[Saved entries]
(* Let $W$ be a group admitting an odd connected Coxeter system $(W,S)$ of rank $n\geq 3$ whose graph $\mathcal V_{(W,S)}$ is a tree, and let $m_1,\dots,m_{n-1}$ be the (multiset of) finite exponents of this system. Then there is an injective homomorphism $$W\hookrightarrow \operatorname{Aut}\big((\mathbb Z/m_1\mathbb Z)\ast(\mathbb Z/m_2\mathbb Z)\ast\cdots\ast(\mathbb Z/m_{n-1}\mathbb Z)\big).$$
   Context: A Coxeter system $(W,S)$ with $S=\{w_1,\dots,w_n\}$ means that $W$ has the presentation $\langle w_1,\dots,w_n \mid (w_iw_j)^{m_{ij}}=1\rangle$, where $m_{ii}=1$ and $m_{ij}=m_{ji}\in\{2,3,4,\dots\}\cup\{\infty\}$ for $i\neq j$ (no relation is imposed when $m_{ij}=\infty$). The numbers $m_{ij}$, $i\neq j$, are the exponents and $n$ is the rank. The system is odd if every exponent is odd or $\infty$. The graph $\mathcal V_{(W,S)}$ has vertex set $\{1,\dots,n\}$ and an edge between $i\neq j$ iff $m_{ij}<\infty$; the system is connected if $\mathcal V_{(W,S)}$ is connected. When $\mathcal V_{(W,S)}$ is a tree there are exactly $n-1$ finite exponents (one per edge). $\ast$ denotes free product. *)

From mathcomp Require Import all_boot.
Set Implicit Arguments. Unset Strict Implicit. Unset Printing Implicit Defensive.

Record Grp := MkGrp {
  gcar :> Type;
  gmul : gcar -> gcar -> gcar;
  gone : gcar;
  ginv : gcar -> gcar;
  gmulA : forall a b c, gmul a (gmul b c) = gmul (gmul a b) c;
  gmul1l : forall a, gmul gone a = a;
  gmulVl : forall a, gmul (ginv a) a = gone
}.

Definition gpow (G : Grp) (x : G) (k : nat) : G := iter k (gmul x) (gone G).

Definition is_hom (G H : Grp) (f : G -> H) : Prop :=
  forall a b, f (gmul a b) = gmul (f a) (f b).

(* (G, g) is a presentation <g_i | Rel>: g satisfies Rel, and every family
   in any group satisfying Rel extends uniquely to a homomorphism. *)
Definition is_presentation (k : nat) (G : Grp) (g : 'I_k -> G)
  (Rel : forall H : Grp, ('I_k -> H) -> Prop) : Prop :=
  Rel G g /\
  forall (H : Grp) (h : 'I_k -> H), Rel H h ->
    (exists f : G -> H, is_hom f /\ forall i, f (g i) = h i) /\
    (forall f1 f2 : G -> H, is_hom f1 -> is_hom f2 ->
       (forall i, f1 (g i) = h i) -> (forall i, f2 (g i) = h i) ->
       forall x, f1 x = f2 x).

(* Coxeter matrices: M i j = Some m for a finite exponent m, None for infinity. *)
Definition coxeter_matrix (n : nat) (M : 'I_n -> 'I_n -> option nat) : Prop :=
  (forall i, M i i = Some 1) /\
  (forall i j, M i j = M j i) /\
  (forall i j m, i != j -> M i j = Some m -> 2 <= m).

Definition coxeter_rel (n : nat) (M : 'I_n -> 'I_n -> option nat)
  (H : Grp) (h : 'I_n -> H) : Prop :=
  forall i j m, M i j = Some m -> gpow (gmul (h i) (h j)) m = gone H.

Definition coxeter_system (n : nat) (M : 'I_n -> 'I_n -> option nat)
  (W : Grp) (s : 'I_n -> W) : Prop :=
  coxeter_matrix M /\ is_presentation s (coxeter_rel M).

Definition odd_coxeter (n : nat) (M : 'I_n -> 'I_n -> option nat) : Prop :=
  forall i j m, i != j -> M i j = Some m -> odd m.
Lemma le_ereal_sup_mine (R : realType) (x : \bar R) (u : nat -> \bar R) :
  (forall n, mine x n%:R%:E <= u n) -> x <= ereal_sup (range u).
Proof.
move=> xu; have {}xu n : mine x n%:R%:E <= ereal_sup (range u).
  by apply: le_trans (xu n) _; apply: ereal_sup_ubound; exists n.
case: x xu => [r| |] xu; last exact: leNye.
- by have := xu (Num.truncn r).+1; rewrite min_l // lee_fin ltW // truncnS_gt.
- move: xu; case: (ereal_sup _) => [s| |] xu //.
  + have := xu (Num.truncn s).+1.
    by rewrite min_r ?leey // lee_fin leNgt truncnS_gt.
  + by have := xu 0%N; rewrite min_r ?leey.
Qed.

Section MeasurableSup.
Context d (S : measurableType d) (R : realType).

Lemma measurable_fun_ereal_sup_range (f : nat -> S -> \bar R) :
  (forall n, measurable_fun setT (f n)) ->
  measurable_fun setT (fun w => ereal_sup (range (f ^~ w))).
Proof.
move=> mf; have := measurable_fun_esups mf 0.
congr measurable_fun; apply: funext => w; rewrite /esups /sdrop /=.
by congr ereal_sup; apply/seteqP; split => x [k _ <-]; exists k.
Qed.

Lemma ae_eq_ge0_le_integral (mu : {measure set S -> \bar R}) (f g : S -> \bar R) :
  measurable_fun setT f -> measurable_fun setT g ->
  (forall x, 0 <= f x) -> (forall x, f x \is a fin_num) ->
  (forall x, f x <= g x) -> \int[mu]_x f x \is a fin_num ->
  \int[mu]_x g x <= \int[mu]_x f x -> ae_eq mu setT g f.
Proof.
move=> mf mg f0 ffin fg intf gf.
have gf0 x : 0 <= g x - f x by rewrite sube_ge0 ?ffin.
have mgf : measurable_fun setT (fun x => g x - f x) by exact: emeasurable_funB.
have intg : \int[mu]_x g x = \int[mu]_x f x + \int[mu]_x (g x - f x).
  rewrite -ge0_integralD //; apply: eq_integral => x _.
  by rewrite addeC subeK ?ffin.
have int0 : \int[mu]_x (g x - f x) = 0.
  apply/eqP; rewrite eq_le integral_ge0 // andbT.
  by rewrite -(leeD2lE _ _ intf) adde0 -intg.
have : ae_eq mu setT (fun x => g x - f x) (cst 0).
  apply/(ae_eq_integral_abs mu measurableT mgf).
  by rewrite -int0; apply: eq_integral => x _; rewrite gee0_abs.
apply: filterS => x /[apply] /= gf_eq0.
by rewrite -[g x](@subeK _ _ (f x)) ?ffin // gf_eq0 add0e.
Qed.

End MeasurableSup.

Section Filtration.
Context d (Omega : measurableType d) (R : realType) (P : probability Omega R)
  (F : nat -> set (set Omega)) (T : nat) (hF : filtration F T).

Lemma L0barP t (f : Omega -> \bar R) : (t <= T)%N ->
  L0bar F t f <-> measurable_fun (setT : set (g_sigma_algebraType (F t))) f.
Proof.
move=> tT; have Ft : measurable = F t :> set (set (g_sigma_algebraType (F t))).
  exact: sigma_algebra_id (hF.1 t tT).
split=> [Lf _ B mB | mf B mB]; first by rewrite setTI Ft; exact: Lf.
by have := mf measurableT B mB; rewrite setTI Ft.
Qed.

Lemma L0bar_measurable t (f : Omega -> \bar R) : (t <= T)%N ->
  L0bar F t f -> measurable_fun setT f.
Proof. by move=> tT Lf _ B mB; rewrite setTI; exact: hF.2.1 t tT _ (Lf B mB). Qed.

Lemma L0bar_mono t s (f : Omega -> \bar R) : (t <= s <= T)%N ->
  L0bar F t f -> L0bar F s f.
Proof. by move=> tsT Lf B mB; exact: hF.2.2.1 t s tsT _ (Lf B mB). Qed.

Section EssinfBounded.
Context (t : nat) (tT : (t <= T)%N) (a b : R) (ab : (a <= b)%R)
  (X : Omega -> \bar R) (Xa : forall w, a%:E <= X w) (Xb : forall w, X w <= b%:E).

Let minorant (Z : Omega -> \bar R) := L0bar F t Z /\ as_le P Z X.

(* Clipping keeps [mass] finite and nonnegative, also for minorants of X that
   are not bounded below. *)
Let mass (Z : Omega -> \bar R) := \int[P]_w (clip a b (Z w) - a%:E).

Let clip_subr_ge0 x : 0 <= clip a b x - a%:E.
Proof. by rewrite sube_ge0 // clip_ge. Qed.

Let measurable_clip_subr Z : L0bar F t Z ->
  measurable_fun setT (fun w => clip a b (Z w) - a%:E).
Proof.
move=> LZ; apply: emeasurable_funB => //.
apply: measurable_mine => //; apply: measurable_maxe => //.
exact: L0bar_measurable LZ.
Qed.

Let mass_le Z : L0bar F t Z -> mass Z <= (b - a)%:E.
Proof.
move=> LZ; apply: le_trans (_ : \int[P]_w (cst (b - a)%:E) w <= _).
  apply: ge0_le_integral => //; first exact: measurable_clip_subr.
  by move=> w _; rewrite /= EFinB EFinN; apply: leeB => //; exact: clip_le.
by rewrite integral_cst // [X in _ * X]probability_setT mule1.
Qed.

Let mass_fin_num Z : L0bar F t Z -> mass Z \is a fin_num.
Proof.
move=> LZ; rewrite ge0_fin_numE ?integral_ge0 //.
exact: le_lt_trans (mass_le LZ) (ltry _).
Qed.
Lemma supp_within_shift (h : 'I_n -> int) (g g' : 'I_n -> rat) (theta : rat) l u j1 :
  (forall j, j \notin J -> h j = 0) -> (forall j, g' j = g j + theta * (h j)%:~R) ->
  supp_within g l (F :|: (J :\ u)) -> h j1 != 0 -> isZ ((l j1)%:~R + g' j1) ->
  exists k : int, supp_within g' (fun j => l j + k * h j) (F :|: (J :\ j1)).
Proof.
move=> h_out g'E in_cell hj1 lj1Z; have [k lj1N] := isZ_shift_isN lj1Z hj1.
exists k => j /= ljN; have [jJ | jNJ] := boolP (j \in J).
  apply: mem_cell => //; apply: contraPneq ljN => ->.
  by rewrite intrD addrAC.
have := in_cell j; rewrite !inE (negbTE jNJ) !andbF !orbF; apply.
by move: ljN; rewrite g'E h_out // !mulr0 !addr0.
Qed.

End Cells.

Section Relations.
Variables (d n : nat) (v : 'I_n -> 'I_d -> int).

Lemma lin_indep_set0 : lin_indep v set0.
Proof. by move=> c c0 _ j; apply: c0; rewrite inE. Qed.

Lemma dependent_not_subset (s J : {set 'I_n}) :
  lin_indep v s -> ~ lin_indep v J -> ~~ (J \subset s).
Proof.
move=> s_indep J_dep; apply/negP => /subsetP Js; apply: J_dep => c c0 c_rel.
apply: s_indep c_rel => j js; apply: c0; apply: contraNN js; exact: Js.
Qed.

### What you have to do
Out of the data above, return each line where the word "gcar" can be found.

### Final answer
  gcar :> Type;
  gmul : gcar -> gcar -> gcar;
  gone : gcar;
  ginv : gcar -> gcar;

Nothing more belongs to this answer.